DLA Columnas | 24/06/2017 | 9:00 pm
25 de junio de 2017

Por: Pbro. Tomás Fernando Espinosa Aguilar

Ciclo A Color: Verde   12º domingo durante el año

Primea Lectura (Jer 20, 10-13)

 Lectura del libro de Jeremías. Dijo el profeta Jeremías:

Oía los rumores de la gente: “¡Terror por todas partes! ¡Denúncienlo! ¡Sí, lo denunciaremos!”. Hasta mis amigos más íntimos acechaban mi caída. “Tal vez se lo pueda seducir; prevaleceremos sobre él y nos tomaremos nuestra venganza”. Pero el Señor está conmigo como un guerrero temible: por eso mis perseguidores tropezarán y no podrán prevalecer; se avergonzarán de su fracaso, será una confusión eterna, inolvidable. Señor de los ejércitos, que examinas al justo, que ves las entrañas y el corazón, ¡que yo vea tu venganza sobre ellos!, porque a ti te he encomendado mi causa. ¡Canten al Señor, alaben al Señor, porque él libró la vida del indigente del poder de los malechores!

Palabra de Dios.

A.      Te alabamos, Señor

 Salmo (Sal 68, 8-10. 14. 17. 33-35)

R. Respóndeme, Dios mío, por tu gran amor.

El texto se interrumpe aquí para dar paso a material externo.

Lemma wpow_trunc_SS y j K : 0 < y ->
  wpow_trunc y (S (S j)) K = wpow_trunc y j (S K) / 24 - 2 * wpow_trunc y (S j) (S K) / y.
Proof.
intros Hy; unfold wpow_trunc; rewrite !rsum_S_l, !wcoef_0_r.
replace (rsum K _) with (rsum K (fun i => wcoef j (S i) * y ^ (j + 2 * S i) * / 24
                          + wcoef (S j) (S i) * y ^ (S j + 2 * S i) * (-2 / y))).
- rewrite rsum_add, !rsum_scal_r, !Nat.add_0_r.
  assert (48 ^ j <> 0) by (apply pow_nonzero; lra). simpl pow; field; lra.
- apply rsum_ext; intros i _; rewrite wcoef_SS.
  replace (j + 2 * S i)%nat with (S (S j) + 2 * i)%nat by lia.
  replace (S j + 2 * S i)%nat with (S (S (S j) + 2 * i)) by lia.
  rewrite <- (tech_pow_Rmult y (S (S j) + 2 * i)); field; lra.
Qed.

Lemma wpow_rem_SS y j K : 0 < y ->
  wpow_rem y (S (S j)) K = wpow_rem y j (S K) / 24 - 2 * wpow_rem y (S j) (S K) / y.
Proof.
intros Hy; unfold wpow_rem; rewrite wpow_trunc_SS by lra.
replace (wfun y ^ S (S j)) with (wfun y ^ j * wfun y ^ 2) by (simpl; ring).
rewrite (proj2 (wfun_spec y Hy)); simpl pow; field; lra.
Qed.

Lemma pow_sqr_div y b n : (y ^ 2 / b) ^ n = y ^ (2 * n) / b ^ n.
Proof. unfold Rdiv; rewrite Rpow_mult_distr, pow_inv, pow_mult; reflexivity. Qed.

Lemma wpow_trunc_1 y K : 0 < y ->
  y * wpow_trunc y 1 K = rsum K (fun i => gbinom (/ 2) (S i) * (y ^ 2 / 24) ^ S i).
Proof.
intros Hy; unfold wpow_trunc; rewrite <- rsum_scal_l; apply rsum_ext; intros i _.
rewrite gbinom_half_wcoef, pow_sqr_div.
replace (2 * S i)%nat with (S (1 + 2 * i)) by lia.
rewrite <- (tech_pow_Rmult y (1 + 2 * i)).
assert (24 ^ S i <> 0) by (apply pow_nonzero; lra). field; auto.
Qed.

Lemma Rabs_wpow_rem_1_le y K : 0 < y -> Rabs (wpow_rem y 1 K) <= y / 48 * (y ^ 2 / 24) ^ K.
Proof.
intros Hy.
assert (Hu : 0 < y ^ 2 / 24) by (apply Rdiv_lt_0_compat; [apply pow_lt|]; lra).
pose proof (binomial_taylor_le (/ 2) _ K Hu ltac:(rewrite S_INR; pose proof (pos_INR K); lra))
  as HT.
rewrite Rpower_sqrt, rsum_S_l, gbinom_0, pow_O, <- wpow_trunc_1 in HT by lra.
pose proof (Rabs_gbinom_S_le (/ 2) K ltac:(lra)).
set (u := y ^ 2 / 24) in *.
unfold wpow_rem, wfun; fold u; rewrite pow_1.
replace ((sqrt (1 + u) - 1) / y - wpow_trunc y 1 K)
  with ((sqrt (1 + u) - (1 * 1 + y * wpow_trunc y 1 K)) / y) by (field; lra).
unfold Rdiv at 1; rewrite Rabs_mult, Rabs_inv, (Rabs_pos_eq y) by lra.
apply (Rmult_le_reg_r y); [lra|]; rewrite Rmult_assoc, Rinv_l, Rmult_1_r by lra.
replace (y / 48 * u ^ K * y) with (/ 2 * u ^ S K) by (unfold u; simpl; field).
eapply Rle_trans; [exact HT|]; apply Rmult_le_compat_r; [apply pow_le|]; lra.
Qed.

(* The ratio [y/9], weaker than the [y/48] of [Rabs_wpow_rem_1_le], is what makes the
   recursion [wpow_rem_SS] close: [1/576 + 2/(9 * 24) <= 1/81]. *)
Lemma wpow_rem_step_le y a b r0 r1 : 0 < y -> 0 <= a -> 0 <= b ->
  Rabs r0 <= a * (y ^ 2 / 24 * b) -> Rabs r1 <= y / 9 * a * (y ^ 2 / 24 * b) ->
  Rabs (r0 / 24 - 2 * r1 / y) <= y / 9 * (y / 9 * a) * b.
Proof.
intros Hy Ha Hb H0 H1.
assert (Hab : 0 <= a * b * y ^ 2) by (apply Rmult_le_pos; [nra|apply pow2_ge_0]).
assert (H1' : Rabs (r1 / y) <= a * b * y ^ 2 / 216).
{ unfold Rdiv at 1; rewrite Rabs_mult, Rabs_inv, (Rabs_pos_eq y) by lra.
  apply (Rmult_le_reg_r y); [lra|]; rewrite Rmult_assoc, Rinv_l by lra.
  replace (a * b * y ^ 2 / 216 * y) with (y / 9 * a * (y ^ 2 / 24 * b)) by field; lra. }
replace (r0 / 24 - 2 * r1 / y) with (r0 / 24 - 2 * (r1 / y)) by (field; lra).
replace (a * (y ^ 2 / 24 * b)) with (a * b * y ^ 2 / 24) in H0 by field.
replace (y / 9 * (y / 9 * a) * b) with (a * b * y ^ 2 / 81) by (simpl; field).
apply Rabs_le_between in H0; apply Rabs_le_between in H1'; apply Rabs_le; lra.
Qed.

Lemma Rabs_wpow_rem_le y j K : 0 < y ->
  Rabs (wpow_rem y j K) <= (y / 9) ^ j * (y ^ 2 / 24) ^ K.
Proof.
intros Hy.
assert (Hu : 0 <= y ^ 2 / 24) by (apply Rmult_le_pos; [apply pow2_ge_0|lra]).
revert K; induction j as [j IH] using lt_wf_ind; intros K.
destruct j as [|[|j]].
- unfold wpow_rem; rewrite pow_O, Rmult_1_l; destruct K as [|K].
  + simpl; rewrite Rminus_0_r, Rabs_R1; lra.
  + rewrite wpow_trunc_0, Rminus_diag, Rabs_R0; apply pow_le; lra.
- eapply Rle_trans; [apply Rabs_wpow_rem_1_le, Hy|].
  rewrite pow_1; apply Rmult_le_compat_r; [apply pow_le|]; lra.
- rewrite wpow_rem_SS by exact Hy.
  rewrite <- (tech_pow_Rmult (y / 9) (S j)), <- (tech_pow_Rmult (y / 9) j).
  apply wpow_rem_step_le; [exact Hy|apply pow_le; lra|apply pow_le; exact Hu| |].
  + rewrite tech_pow_Rmult; apply IH; lia.
  + rewrite !tech_pow_Rmult; apply IH; lia.
Qed.

(** * The coefficients [b*(m)] as a Cauchy product *)

Definition kappa : R := 2 * PI / sqrt 3.

Definition expcoef (j i : nat) : R := kappa ^ j / fct j * wcoef j i.

Lemma sqrt3_pos : 0 < sqrt 3.
Proof. apply sqrt_lt_R0; lra. Qed.

Lemma kappa_sq : kappa ^ 2 = 4 * PI ^ 2 / 3.
Proof.
unfold kappa; pose proof sqrt3_pos; pose proof (sqrt_sqrt 3 ltac:(lra)).
replace ((2 * PI / sqrt 3) ^ 2) with (4 * PI ^ 2 / (sqrt 3 * sqrt 3)) by (simpl; field; lra).
congruence.
Qed.

(* [4 pi^2 / 3 = (-pi^2/18) q] and [-24 = q] with [q = 48^2 / (-96)]. *)
Lemma kappa_pow_scale nu d :
  kappa ^ (2 * nu) * (-24) ^ d / 48 ^ (2 * (nu + d)) = (- PI ^ 2 / 18) ^ nu / (-96) ^ (nu + d).
Proof.
set (q := 48 ^ 2 / (-96)).
rewrite !pow_mult, kappa_sq, !pow_add.
replace (4 * PI ^ 2 / 3) with (- PI ^ 2 / 18 * q) by (unfold q; field).
replace (-24) with q by (unfold q; field).
rewrite Rpow_mult_distr; unfold q, Rdiv; rewrite !Rpow_mult_distr, !pow_inv.
field; repeat split; apply pow_nonzero; simpl; lra.
Qed.

(** The coefficient of [y^(2q + r)] in [exp(kappa w(y))], for [r = 0, 1]. *)
Definition parity_coef (r q : nat) : R := rsum (S q) (fun nu => expcoef (2 * nu + r) (q - nu)).

Lemma expcoef_even nu q : (1 <= nu <= q)%nat ->
  expcoef (2 * nu) (q - nu) = fct (2 * q - 1) / (-96) ^ q *
    ((- PI ^ 2 / 18) ^ nu / (fct (2 * nu - 1) * fct (nu + q) * fct (q - nu))).
Proof.
intros Hnu; destruct nu as [|n]; [lia|].
destruct (Nat.le_exists_sub (S n) q ltac:(lia)) as [d [-> _]].
replace (d + S n - S n)%nat with d by lia.
unfold expcoef; replace (2 * S n)%nat with (S (S (2 * n))) by lia; cbn [wcoef].
replace (S (2 * n) + 2 * d)%nat with (2 * (d + S n) - 1)%nat by lia.
replace (S (S (2 * n)) + d)%nat with (S n + (d + S n))%nat by lia.
replace (S (S (2 * n)) + 2 * d)%nat with (2 * (S n + d))%nat by lia.
replace (S (S (2 * n)) - 1)%nat with (S (2 * n)) by lia.
pose proof (kappa_pow_scale (S n) d) as Hk.
replace (2 * S n)%nat with (S (S (2 * n))) in Hk by lia.
replace (S n + d)%nat with (d + S n)%nat in * by lia.
rewrite fct_S.
pose proof (fct_pos (S (2 * n))); pose proof (fct_pos (S n + (d + S n))); pose proof (fct_pos d).
pose proof (lt_0_INR (S (S (2 * n))) ltac:(lia)).
assert (48 ^ (2 * (d + S n)) <> 0) by (apply pow_nonzero; lra).
assert ((-96) ^ (d + S n) <> 0) by (apply pow_nonzero; lra).
replace ((- PI ^ 2 / 18) ^ S n)
  with (kappa ^ S (S (2 * n)) * (-24) ^ d / 48 ^ (2 * (d + S n)) * (-96) ^ (d + S n))
  by (rewrite Hk; field; auto).
field; repeat split; lra.
Qed.

Lemma expcoef_odd nu q : (nu <= q)%nat ->
  expcoef (2 * nu + 1) (q - nu) = PI * fct (2 * q) / (24 * sqrt 3 * (-96) ^ q) *
    ((- PI ^ 2 / 18) ^ nu / (fct (2 * nu) * fct (q - nu) * fct (nu + q + 1))).
Proof.
intros Hnu; destruct (Nat.le_exists_sub nu q Hnu) as [d [-> _]].
replace (d + nu - nu)%nat with d by lia.
unfold expcoef; replace (2 * nu + 1)%nat with (S (2 * nu)) by lia; cbn [wcoef].
replace (2 * nu + 2 * d)%nat with (2 * (d + nu))%nat by lia.
replace (S (2 * nu) + d)%nat with (nu + (d + nu) + 1)%nat by lia.
replace (S (2 * nu) + 2 * d)%nat with (S (2 * (nu + d))) by lia.
pose proof (kappa_pow_scale nu d) as Hk.
replace (nu + d)%nat with (d + nu)%nat in * by lia.
rewrite fct_S, <- tech_pow_Rmult, <- (tech_pow_Rmult 48).
pose proof (fct_pos (2 * nu)); pose proof (fct_pos (nu + (d + nu) + 1)); pose proof (fct_pos d).
pose proof (fct_pos (2 * (d + nu))); pose proof (lt_0_INR (S (2 * nu)) ltac:(lia)).
pose proof sqrt3_pos.
assert (48 ^ (2 * (d + nu)) <> 0) by (apply pow_nonzero; lra).
assert ((-96) ^ (d + nu) <> 0) by (apply pow_nonzero; lra).
replace ((- PI ^ 2 / 18) ^ nu)
  with (kappa ^ (2 * nu) * (-24) ^ d / 48 ^ (2 * (d + nu)) * (-96) ^ (d + nu))
  by (rewrite Hk; field; auto).
unfold kappa; field; repeat split; lra.
Qed.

Por ti he soportado afrentas, y la vergüenza cubrió mi rostro; me convertí en un extraño para mis hermanos, fui un extranjero para los hijos de mi madre: porque el celo de tu casa me devora, y caen sobre mí los ultrajes de los que te agravian. R.

Pero mi oración sube hasta ti, Señor, en el momento favorable: respóndeme, Dios mío, por tu gran amor, sálvame, por tu fidelidad. Respóndeme, Señor, por tu bondad y tu amor, por tu gran compasión vuélvete a mí. R.

Que lo vean los humildes y se alegren, que vivan los que buscan al Señor; porque el Señor escucha a los pobres y no desprecia a sus cautivos. Que lo alaben el cielo, la tierra y el mar, y todos los seres que se mueven en ellos. R.

 Segunda Lectura (Rom 5, 12-15)

Lectura de la carta del apóstol san Pablo a los cristianos de Roma.

Hermanos: Por un solo hombre el pecado entró en el mundo, y por el pecado, la muerte, y así la muerte pasó a todos los hombres, porque todos pecaron. En efecto, el pecado ya estaba en el mundo, antes de la Ley, pero cuando no hay Ley, el pecado no se tiene en cuenta. Sin embargo, la muerte reinó desde Adán hasta Moisés, incluso en aquellos que no habían pecado, cometiendo una transgresión semejante a la de Adán, que es figura del que debía venir. Pero no hay proporción entre el don y la falta. Porque si la falta de uno solo provocó la muerte de todos, la gracia de Dios y el don conferido por la gracia de un solo hombre, Jesucristo, fueron derramados mucho más abundantemente sobre todos.

Palabra de Dios.

A.      Te alabamos, Señor

Evangelio (Mt 10, 26-33)

Evangelio de nuestro Señor Jesucristo según san Mateo.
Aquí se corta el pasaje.